Sober frat boy Dubya not unusual, study finds -- College "Greeks'' who drink a lot as part of fraternity and sorority life don't necessarily keep drinking heavily after they graduate, according to a new study.

Earlier research has linked belonging to a sorority or frat to heavy drinking in college, but scientists haven't been sure whether Greek life attracted students predisposed to heavy drinking or whether social situations themselves were responsible.

"This is an important study because for the first time it shows how important the perception of peer support is in these groups, and that the behavior changes after college, when presumably the peer support ends,'' said Bruce Bartholow, assistant professor of psychology at the University of North Carolina-Chapel Hill and a co-author of the study. The research is being published today in the journal Psychology of Addictive Behaviors.

College students will drink more alcohol when they are around friends who also drink a lot, whether in a fraternity house or on spring break with a bunch of friends, noted Kenneth Sher, a psychologist at the University of Missouri and the Missouri Alcoholism Research Center and lead author of the study.

"We've shown that it's not the students' personality, but the social context, or situation, that's important,'' Bartholow said.

Sher and Bartholow surveyed 319 college students about their drinking habits and attitudes about alcohol during their college years and again three years after graduation. About two thirds of those in the sample were in a Greek organization at least part of the time they were in college.

They found that Greek members drank significantly more during their college years than students who weren't members.
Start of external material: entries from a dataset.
(* For all $\mu_0\in\mathcal{P}(\mathbb{Z})$, $I_{\mathrm{DV},\overline{\mathbb{Z}}}(\mu_0)=I_{\mathrm{DV},\mathbb{Z}}(\mu_0)$.
   Context: Let $p:\mathbb{Z}\to[0,1]$ with $0<p(k)<1$ for all $k$ and limits $p_\pm=\lim_{k\to\pm\infty}p(k)\in(0,1)$. $\overline{\mathbb{Z}}=\mathbb{Z}\cup\{\pm\infty\}$ is the two-point compactification. For a Markov kernel $\Pi$ on a space $\mathcal{X}$, the Donsker–Varadhan functional is $I_\Pi(\mu)=\sup_{u\in\mathcal{U}_1(\mathcal{X})}\int\log\frac{u(x)}{\Pi u(x)}\,d\mu(x)$, where $\mathcal{U}_1(\mathcal{X})$ is the set of bounded Borel functions $u\ge1$ on $\mathcal{X}$ and $\Pi u(x)=\int u(y)\Pi(x,dy)$. $I_{\mathrm{DV},\overline{\mathbb{Z}}}$ is $I_\Pi$ on $\mathcal{P}(\overline{\mathbb{Z}})$ for the kernel on $\overline{\mathbb{Z}}$ with $\pm\infty$ absorbing and $k\to k+1$ w.p. $p(k)$, $k\to k-1$ w.p. $1-p(k)$ for $k\in\mathbb{Z}$; $I_{\mathrm{DV},\mathbb{Z}}$ is $I_\Pi$ on $\mathcal{P}(\mathbb{Z})$ for the restriction of this kernel to $\mathbb{Z}$, i.e. $I_{\mathrm{DV},\mathbb{Z}}(\nu)=\sup_{u_k\ge1}\sum_k\nu(k)\log\frac{u_k}{p(k)u_{k+1}+(1-p(k))u_{k-1}}$. $\mathcal{P}(\mathbb{Z})$ is identified with the measures in $\mathcal{P}(\overline{\mathbb{Z}})$ giving no mass to $\pm\infty$. *)

From HB Require Import structures.
From mathcomp Require Import all_boot all_order all_algebra.
From mathcomp Require Import all_classical all_reals all_analysis.
Set Implicit Arguments. Unset Strict Implicit. Unset Printing Implicit Defensive.
Import Order.TTheory GRing.Theory Num.Theory.
Local Open Scope classical_set_scope.
Local Open Scope ring_scope.

(* Z with its Borel sigma-algebra, i.e. the discrete one (all subsets). *)
Definition Zd : Type := int.
HB.instance Definition _ := Choice.on Zd.
HB.instance Definition _ := isPointed.Build Zd 0%R.
HB.instance Definition _ := @isMeasurable.Build default_measure_display
  Zd discrete_measurable discrete_measurable0
  discrete_measurableC discrete_measurableU.

(* The two-point compactification Zbar.  It is a countable Hausdorff space,
   so every subset is Borel: its Borel sigma-algebra is the discrete one. *)
Inductive zbar : Type := ZFin of int | ZPinf | ZNinf.

Definition zbar_code (x : zbar) : option (option int) :=
  match x with ZFin k => Some (Some k) | ZPinf => Some None | ZNinf => None end.
Definition zbar_decode (o : option (option int)) : zbar :=
  match o with Some (Some k) => ZFin k | Some None => ZPinf | None => ZNinf end.
Lemma zbar_codeK : cancel zbar_code zbar_decode. Proof. by case. Qed.

HB.instance Definition _ := Equality.copy zbar (can_type zbar_codeK).
HB.instance Definition _ := Choice.copy zbar (can_type zbar_codeK).
HB.instance Definition _ := isPointed.Build zbar ZPinf.
HB.instance Definition _ := @isMeasurable.Build default_measure_display
  zbar discrete_measurable discrete_measurable0
  discrete_measurableC discrete_measurableU.

Lemma measurable_ZFin : measurable_fun [set: Zd] (ZFin : Zd -> zbar).
Proof. by move=> _ A _; exact: I. Qed.

Definition U1 (R : realType) d (X : measurableType d) : set (X -> R) :=
  [set u | measurable_fun [set: X] u /\ (forall x, 1 <= u x :> R) /\
           exists M : R, forall x, u x <= M].

(* I_Pi(mu) = sup_{u in U_1(X)} \int log (u / Pi u) dmu, where the Markov
   kernel Pi is given through its action u |-> Pi u on functions. *)
Definition DV (R : realType) d (X : measurableType d)
  (Pi : (X -> R) -> X -> R) (mu : set X -> \bar R) : \bar R :=
  ereal_sup [set (\int[mu]_x (ln (u x / Pi u x))%:E)%E | u in @U1 R d X].

(* Kernel on Zbar: +-oo absorbing; k -> k+1 w.p. p k, k -> k-1 w.p. 1 - p k. *)
Definition PiZbar (R : realType) (p : int -> R) (u : zbar -> R) (x : zbar) : R :=
  match x with
  | ZFin k => p k * u (ZFin (k + 1)) + (1 - p k) * u (ZFin (k - 1))
  | _ => u x
  end.

Definition PiZ (R : realType) (p : int -> R) (u : Zd -> R) (k : Zd) : R :=
  p k * u (k + 1 : Zd) + (1 - p k) * u (k - 1 : Zd).

Definition I_DV_Zbar (R : realType) (p : int -> R) (mu : set zbar -> \bar R) :=
  DV (PiZbar p) mu.
Definition I_DV_Z (R : realType) (p : int -> R) (mu : set Zd -> \bar R) :=
  DV (PiZ p) mu.

Definition embedZ (R : realType) (mu : set Zd -> \bar R) : set zbar -> \bar R :=
  pushforward mu (ZFin : Zd -> zbar).

From HB Require Import structures.
From mathcomp Require Import all_boot all_order all_algebra.
From mathcomp Require Import all_classical all_reals all_analysis.
From mathcomp Require Import measurable_realfun.
Set Implicit Arguments. Unset Strict Implicit. Unset Printing Implicit Defensive.
Import Order.TTheory GRing.Theory Num.Theory.
Import numFieldTopology.Exports numFieldNormedType.Exports.
Local Open Scope classical_set_scope.
Local Open Scope ring_scope.

(* On [ZFin k] the kernel on Zbar acts through the values of [u] on Z only,
   and a measure on Z gives no mass to the two absorbing points.  Hence the
   DV integrand of [u] against the embedded measure is the DV integrand of
   the restriction [u \o ZFin]; conversely every [u] in U_1(Z) is such a
   restriction (extend it by 1 at +-oo). *)

Section integral_pushforward_measurable.
Context d1 d2 (T1 : measurableType d1) (T2 : measurableType d2) (R : realType).
Variables (phi : T1 -> T2) (mphi : measurable_fun setT phi).
Variable mu : {measure set T1 -> \bar R}.

Lemma integral_pushforward_measurable (f : T2 -> \bar R) :
  measurable_fun setT f ->
  (\int[pushforward mu phi]_y f y = \int[mu]_x f (phi x))%E.
Proof.
move=> mf; rewrite [LHS]integralE [RHS]integralE.
rewrite !(ge0_integral_pushforward mphi) ?preimage_setT //.
- by rewrite -funepos_comp -funeneg_comp.
- exact: measurable_funeneg.
- exact: measurable_funepos.
Qed.

End integral_pushforward_measurable.

Lemma integral_embedZ (R : realType) (mu : measure Zd R) (f : zbar -> \bar R) :
  (\int[embedZ mu]_z f z = \int[mu]_k f (ZFin k))%E.
Proof.
apply: (integral_pushforward_measurable measurable_ZFin) => _ A _; exact: I.
Qed.

Lemma PiZbar_ZFin (R : realType) (p : int -> R) (u : zbar -> R) (k : Zd) :
  PiZbar p u (ZFin k) = PiZ p (u \o ZFin) k.
Proof. by []. Qed.

Lemma U1_comp_ZFin (R : realType) (u : zbar -> R) :
  U1 u -> U1 (u \o ZFin : Zd -> R).
Proof.
move=> [_ [u_ge1 [M u_leM]]]; split; first by move=> _ A _; exact: I.
by split=> [k|]; [exact: u_ge1 | exists M => k; exact: u_leM].
Qed.

Definition extend1_zbar (R : realType) (u : Zd -> R) (z : zbar) : R :=
  if z is ZFin k then u k else 1.

Lemma extend1_zbarK (R : realType) (u : Zd -> R) : extend1_zbar u \o ZFin = u.
Proof. by []. Qed.

Lemma U1_extend1_zbar (R : realType) (u : Zd -> R) :
  U1 u -> U1 (extend1_zbar u).
Proof.
move=> [_ [u_ge1 [M u_leM]]]; have M_ge1 : 1 <= M := le_trans (u_ge1 0) (u_leM 0).
split; first by move=> _ A _; exact: I.
split=> [[k| |] /=|]; [exact: u_ge1 | by [] | by [] |].
by exists M => -[k| |] //=; exact: u_leM.
Qed.

Lemma integral_DV_embedZ (R : realType) (p : int -> R) (mu : measure Zd R)
    (u : zbar -> R) :
  (\int[embedZ mu]_z (ln (u z / PiZbar p u z))%:E =
   \int[mu]_k (ln ((u \o ZFin) k / PiZ p (u \o ZFin) k))%:E)%E.
Proof. by rewrite integral_embedZ; apply: eq_integral => k _; rewrite PiZbar_ZFin. Qed.

Lemma DV_embedZ (R : realType) (p : int -> R) (mu : measure Zd R) :
  I_DV_Zbar p (embedZ mu) = I_DV_Z p mu.
Proof.
rewrite /I_DV_Zbar /I_DV_Z /DV; congr ereal_sup.
apply/seteqP; split=> _ [u Uu <-].
- by exists (u \o ZFin); [exact: U1_comp_ZFin | rewrite integral_DV_embedZ].
- exists (extend1_zbar u); first exact: U1_extend1_zbar.
  by rewrite integral_DV_embedZ extend1_zbarK.
Qed.

Theorem lemma3p1 (R : realType) (p : int -> R)
  (hp : forall k, 0 < p k < 1)
  (p_plus p_minus : R) (hpp : 0 < p_plus < 1) (hpm : 0 < p_minus < 1)
  (lim_plus : (fun n : nat => p (n%:Z)) @ \oo --> p_plus)
  (lim_minus : (fun n : nat => p (- n%:Z)) @ \oo --> p_minus)
  (mu0 : probability Zd R) :
  I_DV_Zbar p (embedZ mu0) = I_DV_Z p mu0.
Proof. exact: DV_embedZ. Qed.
Male and female Greeks were about twice as likely to be rated as heavy drinkers after their freshman years, although there was some moderation among senior men.

But after controlling for background, academics and personality factors, Greek alumni were no more likely to drink excessively three years after college than those who had never joined one of the groups.

"Heavy drinking does taper off for most of these people after college,'' Bartholow said. "Drinking among most members of these social organizations is almost totally driven by what students believe their friends think and not by a need to drink.''

Thus, given this culture versus nature phenomena, colleges that are attempting to curb alcohol use "might profit from a focus on peer-norms re-education, particularly among fraternity and sorority members,'' the researchers said.

And in fact, many recent campus efforts to curb drinking have focused on encouraging frats and sororities to shift emphasis away from alcohol during dances, parties and other gatherings.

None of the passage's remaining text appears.